**EXERCISE DESCRIPTION:** When you reach the line in the data below that contains "(forall i j, 0", please start repeating lines exactly, and stop after the line that contains "((K%:R)^-1 * \tr", repeating nothing else.

Data records:
* * * *

Theorem theorem2 (R : realType) (B M K L : nat) (P C : R)
  (a : 'I_B -> 'I_K -> R) (t : R -> 'I_(B * M) -> R[i] -> R[i])
  (tau vmax : R) :
  (0 < B)%N -> (0 < M)%N -> (0 < K)%N -> (0 < L)%N ->
  0 < P -> 0 < C -> (forall b k, 0 < a b k) ->
  (forall tau', 0 < tau' -> is_T_solution R B M K L P C a t tau') ->
  0 < tau ->
  (forall i j, 0 <= vbar R B M K L P C a tau i j < vmax) ->
  let Rb := Rbar R B M K L P C a t in
  [/\ derivable Rb tau 1,
      derive1 Rb tau =
        ((B * M)%N%:R)^-1 * \sum_(j < K)
          ((K%:R)^-1 * \tr (Dm' R B M K L P C a tau j *m TP R B M K L P t tau)
           / (1 + (K%:R)^-1 * \tr (Dm R B M K L P C a tau j *m TP R B M K L P t tau)))
    & 0 < derive1 Rb tau].
Proof.
move=> B_gt0 M_gt0 K_gt0 L_gt0 P_gt0 C_gt0 a_gt0 T_sol tau_gt0 _ Rb.
have RbD := Rbar_is_derive M_gt0 K_gt0 L_gt0 P_gt0 C_gt0 a_gt0 T_sol tau_gt0.
rewrite derive1E (@derive_val _ _ _ _ _ _ _ RbD); split.
- exact: (@ex_derive _ _ _ _ _ _ _ RbD).
- by congr (_ * _); apply: eq_bigr => j _; rewrite -!tr_diag_TP.
- exact: Rbar_slope_gt0.
Qed.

* * * *

**ANSWER:**
  (forall i j, 0 <= vbar R B M K L P C a tau i j < vmax) ->
  let Rb := Rbar R B M K L P C a t in
  [/\ derivable Rb tau 1,
      derive1 Rb tau =
        ((B * M)%N%:R)^-1 * \sum_(j < K)
          ((K%:R)^-1 * \tr (Dm' R B M K L P C a tau j *m TP R B M K L P t tau)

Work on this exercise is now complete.